- Film poster
- Directed by: Diana Whitten
- Written by: Diana Whitten
- Produced by: Diana Whitten; Elissa Brown; Mitchell Block;
- Starring: Rebecca Gomperts
- Cinematography: Diana Whitten
- Edited by: Simeon Hutner
- Music by: Todd Griffin; Heather McIntosh;
- Production companies: Sovereignty Productions; in association with:; Fork Films; Impact Partners; Chicken and Egg Pictures;
- Distributed by: Filmbuff
- Release date: March 9, 2014 (SXSW);
- Running time: 90 minutes
- Countries: USA, Tanzania; Spain, Portugal; Poland, Pakistan; Netherlands, Ireland; Indonesia, Ecuador;
- Language: English
- Box office: $800 thousand

= Vessel (film) =

Vessel is a 2014 multi-national documentary film written and directed by Diana Whitten as her debut film, focusing on the work of Women on Waves, a Dutch pro-choice organization founded by the Dutch physician Rebecca Gomperts in 1999. The film's world premiere took place at SXSW in Texas on March 9, 2014. The film has been distributed by Filmbuff since 2015.

==Synopsis==
The film focuses on Dr. Rebecca Gomperts' work with her organization 'Women on Waves', as she sails a ship around the world and provides abortions at sea for women who have no legal alternative. Gomperts meets opposition, but when each is overcome, she refines her mission and eventually realizes she can use new technologies to bypass existing laws. She trains women to give themselves abortions using WHO-researched protocols with pills, and creates an underground network of empowered activists who trust women to handle abortion themselves.

==Cast==
The film features Rebecca Gomperts, Susan Davies, Veronica Vera, Kinga Jelinska, Cecilia Costa, Gunilla Kleiverda, Myra ter Meulen, Margreet Parlevliet, Juul Brockling, Lizet Kraal, Margie Moore, Ivette Mrova, Annemarie van den Heuvel, Ana Cristina Santos, Sara larrea, Ana Cristina Vera, Paula Castello Starkoff, Manuela Luna Creciente, and Nondo Ebuela Ejano, with voice-over by Kinga Jelinska and Inês Rodrigues.

==Production==
The film took seven years to make.

==Recognition==

===Reception===
Vessel was given a mixed review by Indiewire critic Eric Kohn, who wrote that "the hot button topic [abortion] begs for a more dynamic treatment."

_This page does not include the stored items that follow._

Lemma determines_ideals_iv : determines_ideals E zero (Tset_iv zero alpha theta).
Proof.
(* [base_iv] and [base_iii] are the same set of terms. *)
apply: determines_ideals_union ideal_terms_base_iii ideal_terms_ops_iv _.
move=> A HA H Hne Hbase Hops; have [H0 Hc] := props_of_ops_iv HA Hne Hops.
by have [Ha Ht] := props_of_base_iii H0 Hbase.
Qed.

Section SemiAbelian.
Hypothesis zero_only_constant : forall c : term S void, holds E c zero.

Lemma ideal_terms_base_sa t : base_sa t -> ideal_term E zero t.
Proof.
case=> f ->; apply/ideal_termE => A HA ex.
exact: (zero_only_constant (App f (fun=> zero)) HA (fun v : void => match v with end)).
Qed.

Lemma determines_ideals_i_sa : determines_ideals E zero (Tset_i_sa alpha theta).
Proof.
apply: determines_ideals_union ideal_terms_base_sa ideal_terms_ops_i _.
move=> A HA H Hne Hbase Hops; have [H0 Ha Ht] := props_of_base_sa Hne Hbase.
split=> //; apply: diffs_compatible_of_Tt => // f i.
by apply: Hops; left; exists f, i.
Qed.

Lemma determines_ideals_ii_sa : determines_ideals E zero (Tset_ii_sa alpha theta).
Proof.
apply: determines_ideals_union ideal_terms_base_sa ideal_terms_ops_ii _.
move=> A HA H Hne Hbase Hops; have [H0 Ha Ht] := props_of_base_sa Hne Hbase.
split=> //; apply: diffs_compatible_of_Tt => // f i.
by apply: Hops; left; exists f, i.
Qed.

Lemma determines_ideals_iii_sa : determines_ideals E zero (Tset_iii_sa alpha theta).
Proof.
apply: determines_ideals_union ideal_terms_base_sa ideal_terms_ops_iii _.
move=> A HA H Hne Hbase Hops; have [H0 Ha Ht] := props_of_base_sa Hne Hbase.
by have [_ Hc] := props_of_ops_iii HA Hne Hops.
Qed.

Lemma determines_ideals_iv_sa : determines_ideals E zero (Tset_iv_sa alpha theta).
Proof.
apply: determines_ideals_union ideal_terms_base_sa ideal_terms_ops_iv _.
move=> A HA H Hne Hbase Hops; have [H0 Ha Ht] := props_of_base_sa Hne Hbase.
by have [_ Hc] := props_of_ops_iv HA Hne Hops.
Qed.

End SemiAbelian.

End IdealDetermination.

Theorem theorem2p6 (S : signature) (E : identities S) (n : nat)
    (zero : term S void) (alpha : 'I_n -> term S 'I_2) (theta : term S 'I_n.+1) :
  BIT_speciale E zero alpha theta ->
  (determines_ideals E zero (Tset_i alpha theta) /\
   determines_ideals E zero (Tset_ii zero alpha theta) /\
   determines_ideals E zero (Tset_iii zero alpha theta) /\
   determines_ideals E zero (Tset_iv zero alpha theta)) /\
  (semi_abelian E zero alpha theta ->
   determines_ideals E zero (Tset_i_sa alpha theta) /\
   determines_ideals E zero (Tset_ii_sa alpha theta) /\
   determines_ideals E zero (Tset_iii_sa alpha theta) /\
   determines_ideals E zero (Tset_iv_sa alpha theta)).
Proof.
move=> HB; split.
  split; first exact: determines_ideals_i.
  split; first exact: determines_ideals_ii.
  by split; [exact: determines_ideals_iii | exact: determines_ideals_iv].
move=> [_ Hconst]; split; first exact: determines_ideals_i_sa.
split; first exact: determines_ideals_ii_sa.
by split; [exact: determines_ideals_iii_sa | exact: determines_ideals_iv_sa].
Qed.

===Awards and nominations===
At the 2014 South by Southwest Film Festival the film was nominated for the 'SXSW Grand Jury Award' and won both the 'Audience Award' and 'Special Jury Awards' for Documentary Feature. At the 2014 Sheffield International Documentary Festival, the film won the Peter Wintonick Award. At the Nantucket Film Festival, the film won the Adrienne Shelly Excellence In Filmmaking Award.